Work to complete
The expected result is the segment of the entries that begins with the line containing "by rewrite gamma_call." and ends with the last line, copied verbatim.

Provided information below:

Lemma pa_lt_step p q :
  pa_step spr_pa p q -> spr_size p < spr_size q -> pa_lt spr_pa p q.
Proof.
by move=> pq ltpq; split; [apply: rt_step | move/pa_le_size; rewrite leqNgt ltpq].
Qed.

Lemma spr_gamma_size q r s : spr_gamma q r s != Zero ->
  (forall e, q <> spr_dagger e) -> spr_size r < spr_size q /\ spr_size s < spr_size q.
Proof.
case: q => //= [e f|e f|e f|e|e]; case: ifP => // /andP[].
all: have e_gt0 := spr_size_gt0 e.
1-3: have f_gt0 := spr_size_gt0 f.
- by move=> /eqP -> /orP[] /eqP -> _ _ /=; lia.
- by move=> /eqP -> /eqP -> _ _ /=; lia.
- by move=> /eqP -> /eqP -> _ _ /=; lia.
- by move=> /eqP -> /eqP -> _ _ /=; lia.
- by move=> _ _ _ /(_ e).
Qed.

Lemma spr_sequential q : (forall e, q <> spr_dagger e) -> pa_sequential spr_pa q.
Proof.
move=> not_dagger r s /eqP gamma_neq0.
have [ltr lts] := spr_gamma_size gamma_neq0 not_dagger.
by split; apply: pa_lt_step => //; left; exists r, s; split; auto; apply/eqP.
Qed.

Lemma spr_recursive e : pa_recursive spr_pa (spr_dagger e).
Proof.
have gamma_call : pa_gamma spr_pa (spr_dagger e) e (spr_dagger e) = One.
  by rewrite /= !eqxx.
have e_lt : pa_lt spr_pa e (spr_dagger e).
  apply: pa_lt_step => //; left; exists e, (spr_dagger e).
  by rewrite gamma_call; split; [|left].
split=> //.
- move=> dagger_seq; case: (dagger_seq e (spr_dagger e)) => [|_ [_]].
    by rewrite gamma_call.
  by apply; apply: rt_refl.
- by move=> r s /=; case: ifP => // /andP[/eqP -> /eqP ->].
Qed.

End of Provided information.

Exercise response
    by rewrite gamma_call.
  by apply; apply: rt_refl.
- by move=> r s /=; case: ifP => // /andP[/eqP -> /eqP ->].
Qed.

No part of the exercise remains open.